Representatives of the Russian defense ministry further stated that the UAVs that took part in the attacks on Khmeimim and Tartu were launched from a distance of no less than 100 kilometers and were equipped with special technology (such as GPS navigation), meaning that “only technologically advanced countries were capable of supplying such means to the militants.” Even though some elements of the drones could be acquired separately, the defense official claimed, “the assembly and effective employment thereof require advanced engineering knowledge and extensive practical skills” (TASS, January 11, 2018). Furthermore, it was underscored that on January 6, the USN Boeing P-8 Poseidon (capable of conducting anti-submarine, anti-surface warfare, and shipping interdiction, as well as early warning self-protection) was spotted in the area of the Mediterranean Sea—which the Russian side pointed to as a “strange coincidence” (TASS, January 10, 2018). In turn, Maria Zakharova, the official spokesperson of the Russian Ministry of Foreign Affairs, blatantly classified the January drone attack as a “provocation of our ‘American partners,’ aimed at destabilizing the peace process in Syria” (Tvzvezda.ru, January 12, 2018);

– A pretext for Russian military presence in Syria to increase. Prior to President Vladimir Putin’s official declaration, on December 11, of the partial withdrawal of Russian troops from Syria, military officials claimed that any new subversive groups that appear on the “liberated territory” will be destroyed by “forces of [Syrian] governmental troops” (Kommersant, January 3, 2018). It appears, however, that the latest incidents undermine this statement, as it was specifically Russian troops who reportedly faced off against the militants. Additionally, ever more Russian experts argue that the number of attacks against Russian forces stationed in Syria is likely to only increase after these recent attacks (RIA Novosti, January 12, 2018).

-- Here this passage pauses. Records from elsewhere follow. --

(* A finite coloring of the edges {x,y} (1 <= x < y) of K_N is c with
   c x y < k for x < y; only the values c x y with x < y are used. *)
Theorem mainTheorem18 (f : nat -> nat)
  (hf : Un_cv (fun n => INR (f n) / INR n) 0)
  (k : nat) (c : nat -> nat -> nat)
  (hc : forall x y, (1 <= x)%nat -> (x < y)%nat -> (c x y < k)%nat) :
  exists (A : nat -> bool) (P : nat -> list nat) (col : nat),
    in_Zf_plus f A /\ inf_finite_partition A P /\
    forall i j x y, i <> j -> In x (P i) -> In y (P j) -> (x < y)%nat ->
      c x y = col.
Proof.
  destruct (ultrafilter_avoiding null null_empty null_union null_sub not_null_full)
    as [G HG].
  destruct (colour_class_in_ultra G HG k c hc) as [col [B hB]].
  assert (blocks : forall L m, (forall x, In x L -> B x) ->
                     exists n, (f n < length (block B c col L m n))%nat).
  { intros L m hL; apply (non_null_exceeds f hf).
    intro hnull; exact (ultra_avoids _ _ HG _ hnull (hB L hL)). }
  destruct (greedy_partition f B c col blocks) as [A [P [hA [hP hedges]]]].
  exists A, P, col; auto.
Qed.
(* In the setting below, for each $v\in\mathbb{R}^d$ and $n\in\mathbb{N}_0$, $$\min_{j=1,\dots,N}\langle x_j(t_{2n+2}),v\rangle\le\langle x_i(t),v\rangle\le\max_{j=1,\dots,N}\langle x_j(t_{2n+2}),v\rangle$$ for all $t\in[t_{2n+1},t_{2n+2}]$ and $i=1,\dots,N$.
   Context: Setting: $N\ge2$; $\psi:\mathbb{R}^d\times\mathbb{R}^d\to\mathbb{R}$ positive, bounded, continuous, $K:=\|\psi\|_\infty$; $\{t_n\}_{n\in\mathbb{N}_0}$ increasing, nonnegative, $t_0=0$, $t_n\to\infty$; $\alpha(0)=1$, $\alpha=1$ on $(t_{2n},t_{2n+1})$, $\alpha=-1$ on $[t_{2n+1},t_{2n+2}]$; $\{x_i\}$ solves $x_i'(t)=\frac1{N-1}\sum_{j\ne i}\alpha(t)\psi(x_i(t),x_j(t))(x_j(t)-x_i(t))$, $t>0$, $x_i(0)=x_i^0\in\mathbb{R}^d$ (continuous, $C^1$ on each $(t_n,t_{n+1})$). Standing assumptions: $t_{2n+2}-t_{2n+1}<\frac{\ln 2}{K}$ for all $n$; $\sum_{p\ge0}\ln\frac{e^{K(t_{2p+2}-t_{2p+1})}}{2-e^{K(t_{2p+2}-t_{2p+1})}}<\infty$; $\sum_{p\ge0}\ln\max\{1-e^{-K(t_{2p+1}-t_{2p})},1-\frac{\psi_0}{K}(1-e^{-K(t_{2p+1}-t_{2p})})\}=-\infty$, with $\psi_0=\min_{|y|,|z|\le M^0}\psi(y,z)$, $M^0=e^{K\sum_{p}(t_{2p+2}-t_{2p+1})}\max_i|x_i^0|$. *)

From Stdlib Require Import Reals Lra.
From Coquelicot Require Import Coquelicot.
Open Scope R_scope.

(* A point of R^d is represented by  nat -> R ; only coordinates k < d matter. *)
Definition vec := nat -> R.

Fixpoint sum_first (n : nat) (f : nat -> R) : R :=
  match n with O => 0 | S m => sum_first m f + f m end.
Definition inner (d : nat) (x y : vec) : R := sum_first d (fun k => x k * y k).
Definition vnorm (d : nat) (x : vec) : R := sqrt (inner d x x).

Fixpoint max_upto (f : nat -> R) (n : nat) : R :=
  match n with O => f O | S m => Rmax (max_upto f m) (f (S m)) end.
Fixpoint min_upto (f : nat -> R) (n : nat) : R :=
  match n with O => f O | S m => Rmin (min_upto f m) (f (S m)) end.

Definition psi_continuous (d : nat) (psi : vec -> vec -> R) : Prop :=
  forall (y z : vec) (eps : R), 0 < eps -> exists delta, 0 < delta /\
    forall y' z' : vec, (forall k, (k < d)%nat -> Rabs (y' k - y k) < delta /\ Rabs (z' k - z k) < delta) ->
      Rabs (psi y' z' - psi y z) < eps.
Lemma pc_family_ineqE P : (forall z, 0 < PZ P z) -> forall d z (T : {set 'I_n}),
  (\sum_k - pc P k (~~ d) (~~ z) + \sum_(k in T) (pc P k d z - pc P k d (~~ z)) <= 0)
  <-> (\sum_k (if k \in T then pc P k d z else pc P k d (~~ z)) <= 1).
Proof.
move=> PZ_gt0 d z T; apply: sum_select_ineqE.
by have := pc_mass (PZ_gt0 (~~ z)); case: d; rewrite // addrC.
Qed.

Definition full_of_po G P : full_type R n :=
  fun y00 y01 y10 y11 d0 d1 z => diag_po G y00 y01 y10 y11 d0 d1 * PZ P z.

Lemma full_of_po_compatible G P :
  obs_law P -> (forall z, 0 < PZ P z) ->
  po_law G -> (forall k d z, pc P k d z = obs G k d z) ->
  let q := full_of_po G P in
  full_law q /\ exclusion q /\ random_assignment q /\ induces q P.
Proof.
move=> P_law PZ_gt0 [G_ge0 G_sum1] PG q.
have diag_ge0 y00 y01 y10 y11 d0 d1 : 0 <= diag_po G y00 y01 y10 y11 d0 d1.
  by rewrite /diag_po; case: ifP.
have sum_q y00 y01 y10 y11 d0 d1 :
    \sum_(z : bool) q y00 y01 y10 y11 d0 d1 z = diag_po G y00 y01 y10 y11 d0 d1.
  by rewrite -mulr_sumr sum_PZ // mulr1.
have qZE z : qZ q z = PZ P z.
  transitivity (sum6 (fun y00 y01 y10 y11 d0 d1 =>
                  diag_po G y00 y01 y10 y11 d0 d1 * PZ P z)) => //.
  by rewrite -sum6_mulr sum6_diag G_sum1 mul1r.
split; [split | split; [|split]].
- by move=> *; rewrite mulr_ge0 ?diag_ge0 ?ltW.
- transitivity (sum6 (fun y00 y01 y10 y11 d0 d1 =>
                  \sum_(z : bool) q y00 y01 y10 y11 d0 d1 z)) => //.
  by rewrite (eq_sum6 sum_q) sum6_diag.
- move=> y00 y01 y10 y11 d0 d1 z; rewrite /q /full_of_po /diag_po.
  by case: ifP => [/andP [/eqP -> /eqP ->] // | _]; rewrite mul0r eqxx.
- by move=> *; rewrite sum_q qZE.
move=> k d z; rewrite -(divfK (lt0r_neq0 (PZ_gt0 z)) (P k d z)) -/(pc P k d z) PG.
rewrite -sum6_obs sum6_mulr; apply: eq_sum6 => *.
by case: ifP; rewrite ?mul0r.
Qed.

Lemma exists_full_lawP P :
  obs_law P -> (forall z, 0 < PZ P z) ->
  (exists q : full_type R n,
     full_law q /\ exclusion q /\ random_assignment q /\ induces q P) <->
  (exists G, po_law G /\ forall k d z, pc P k d z = obs G k d z).
Proof.
move=> P_law PZ_gt0; split=> [[q [fl [excl [ra ind]]]] | [G [G_law PG]]].
  exists (po_of_full q); split; first exact: po_law_po_of_full.
  exact: pc_po_of_full.
by exists (full_of_po G P); apply: full_of_po_compatible.
Qed.

End FullDataLaws.

Theorem theorem5 (R : realType) (n : nat) (P : 'I_n -> bool -> bool -> R) :
  obs_law P -> 0 < PZ P false -> 0 < PZ P true ->
  ((exists q : full_type R n,
      full_law q /\ exclusion q /\ random_assignment q /\ induces q P) <->
   ((forall T : {set 'I_n}, T != set0 -> (forall k, k \in T -> (k.+1 < n)%N) ->
       \sum_(k < n) - pc P k false true
       + \sum_(k in T) (pc P k true false - pc P k true true) <= 0) /\
    (forall T : {set 'I_n}, T != set0 -> T != setT ->
       \sum_(k < n) - pc P k true false
       + \sum_(k in T) (pc P k false true - pc P k false false) <= 0) /\
    (forall T : {set 'I_n}, T != set0 -> (forall k, k \in T -> (k.+1 < n)%N) ->
       \sum_(k < n) - pc P k false false
       + \sum_(k in T) (pc P k true true - pc P k true false) <= 0))).
Proof.
move=> P_law PZ0 PZ1; have PZ_gt0 : forall z, 0 < PZ P z by case.
have family := pc_family_ineqE PZ_gt0.
rewrite exists_full_lawP //; split=> [[G [G_law PG]] | [fam1 [fam2 fam3]]].
  have select_le1 d z (T : {set 'I_n}) :
      \sum_k (if k \in T then pc P k d z else pc P k d (~~ z)) <= 1.
    by under eq_bigr do rewrite !PG; exact: obs_select_le1.
  split; [|split] => T _ _.
  - by apply/(family true false); apply: select_le1.
  - by apply/(family false true); apply: select_le1.
  - by apply/(family true true); apply: select_le1.
have pearl d : \sum_k Num.max (pc P k d false) (pc P k d true) <= 1.
  case: d; [|under eq_bigr do rewrite maxC];
    apply: sum_max_le1 => [||T T0 TT]; rewrite ?pc_sum_le1 //.
    apply: select_le1_proper T0 TT => T' T'0 T'_avoid.
      by apply/(family true false); exact: fam1.
    by apply/(family true true); exact: fam3.
  by apply/(family false true); exact: fam2.
have [G [G_law obsG]] := pearl_sufficient
  (fun d z k => pc_ge0 k d P_law (PZ_gt0 z)) (fun z => pc_mass (PZ_gt0 z)) pearl.
by exists G; split=> // k d z; rewrite obsG.
Qed.
(** A stored key with its access count and its deletion mark. *)
Record entry : Type := mkEntry { ekey : Z; ecnt : nat; emark : bool }.

(** A (possibly empty) GSAT.  [Node reps children C im]:
    - [reps]     : the array of representative keys (with counts and marks),
    - [children] : the k+1 child subtrees ([Leaf] = empty subtree),
    - [C]        : the counter C(v),
    - [im]       : im(T_v), the value of m(T_v) at the last (re)build of T_v;
                   it is also the total access count m' of the subtree at the
                   time the node was constructed. *)
Inductive tree : Type :=
| Leaf : tree
| Node : list entry -> list tree -> nat -> nat -> tree.

Fixpoint inorder (t : tree) : list entry :=
  match t with
  | Leaf => []
  | Node reps ch _ _ =>
      (fix go (rs : list entry) (cs : list tree) {struct cs} : list entry :=
         match cs with
         | [] => []
         | c :: cs' => inorder c ++
             match rs with
             | [] => []
             | r :: rs' => r :: go rs' cs'
             end
         end) reps ch
  end.

Definition mtot (t : tree) : nat := fold_right (fun e s => (ecnt e + s)%nat) 0%nat (inorder t).

(** n: number of keys stored in T (marked keys are still stored). *)
Definition nkeys (t : tree) : nat := length (inorder t).

Definition ceilZ (x : R) : Z := (- Int_part (- x))%Z.

Definition D (m : nat) : R := sqrt (INR m).

(** Memory of one node built when its subtree had total access count m':
    interpolation array of size ceil(m'^alpha) plus O(D(m')) further data,
    taken as ceil(D(m')) + 1 words. *)
Definition node_mem (alpha : R) (m' : nat) : R :=
  IZR (ceilZ (Rpower (INR m') alpha)) + IZR (ceilZ (D m')) + 1.

Fixpoint mem (alpha : R) (t : tree) : R :=
  match t with
  | Leaf => 0
  | Node _ ch _ im =>
      node_mem alpha im +
      (fix go (cs : list tree) : R :=
         match cs with
         | [] => 0
         | c :: cs' => mem alpha c + go cs'
         end) ch
  end.

Fixpoint ideal (t : tree) : Prop :=
  match t with
  | Leaf => True
  | Node reps ch c im =>
      reps <> [] /\
      length ch = S (length reps) /\
      IZR (Z.of_nat (length reps)) <= IZR (ceilZ (D (mtot t))) /\
      c = 0%nat /\ im = mtot t /\
      (fix go (cs : list tree) : Prop :=
         match cs with
         | [] => True
         | c' :: cs' =>
             (INR (mtot c') <= INR (mtot t) / (D (mtot t) + 1) /\ ideal c') /\ go cs'
         end) ch
  end.

Definition ideal_of (l : list entry) (t : tree) : Prop :=
  ideal t /\ inorder t = l.

Definition unmarked (l : list entry) : list entry :=
  filter (fun e => negb (emark e)) l.

Inductive op : Type := Ins (x : Z) | Del (x : Z) | Get (x : Z).

Definition op_key (o : op) : Z := match o with Ins x | Del x | Get x => x end.

Definition touch (o : op) (e : entry) : entry :=
  if Z.eqb (ekey e) (op_key o) then
    match o with
    | Ins _ => mkEntry (ekey e) (S (ecnt e)) false
    | Del _ => mkEntry (ekey e) (S (ecnt e)) true
    | Get _ => mkEntry (ekey e) (S (ecnt e)) (emark e)
    end
  else e.
Lemma pc_proj_supported n a b (c : chain X n) :
  {in dom c, forall s, simplex_component s = b} -> pc_proj a c = c *+ (b == a).
Proof.
move=> c_in_b; apply/eqP/freeg_eqP => s; rewrite coeff_pc_proj coeffMn.
by case: (boolP (s \in dom c)) => [/c_in_b -> //|/coeff_outdom ->]; rewrite !mul0rn.
Qed.

Lemma pc_projU n a k (s : 'rV[RR]_n.+1 -> X) :
  pc_proj a << k *g s >> = << k *g s >> *+ (simplex_component s == a).
Proof.
apply: pc_proj_supported => t; rewrite mem_dom coeffU.
by case: (eqVneq s t) => [-> //|_]; rewrite mulr0 eqxx.
Qed.

Lemma pc_proj_eq0 n a (c : chain X n) :
  a \notin map (@simplex_component X n) (dom c) -> pc_proj a c = 0.
Proof.
move=> a_notin; apply/eqP/freeg_eqP => s; rewrite coeff_pc_proj coeff0.
case: (boolP (s \in dom c)) => [s_in|/coeff_outdom -> //]; last by rewrite mul0rn.
by case: eqP => // s_a; case/negP: a_notin; rewrite -s_a map_f.
Qed.

Lemma pc_proj_decomp n (c : chain X n) :
  c = \sum_(a <- undup (map (@simplex_component X n) (dom c))) pc_proj a c.
Proof.
apply/eqP/freeg_eqP => s; rewrite raddf_sum /=.
case: (boolP (s \in dom c)) => s_in; last first.
  by rewrite coeff_outdom // big1 // => a _; rewrite coeff_pc_proj coeff_outdom ?mul0rn.
rewrite (bigD1_seq (simplex_component s)) ?undup_uniq ?mem_undup ?map_f //=.
rewrite coeff_pc_proj eqxx big1 ?addr0 // => a a_neq.
by rewrite coeff_pc_proj eq_sym (negbTE a_neq).
Qed.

Despite Moscow’s efforts to drive the narrative on the violent incidents at Russian bases in Syria, the series of militant attacks raises questions of the effectiveness of Russia’s Anti-Access, Area-Denial (A2/AD) strategy there. Notably, the A2/AD strategy rests in part on the integrated use of Pantsir-S1 and S-400 Triumf air-defense systems to provide resilience to Russian forces during the initial period of warfare. Many experts—among them General (ret.) Philip Breedlove (National Interest, June 29, 2016)—have claimed that in recent years Russia has either created or expanded A2/AD zones in Kaliningrad Oblast, Crimea and Russian bases in Syria. Yet, the troubled past few weeks, along with the successful US Tomahawk cruise missile strike on Shayrat airbase last year, raise doubts about actual Russian A2/AD capabilities considering the string of failures involving the Pantsir-S1 and S-400 systems. And all this casts a shadow of skepticism over Russia’s true capabilities in other theaters.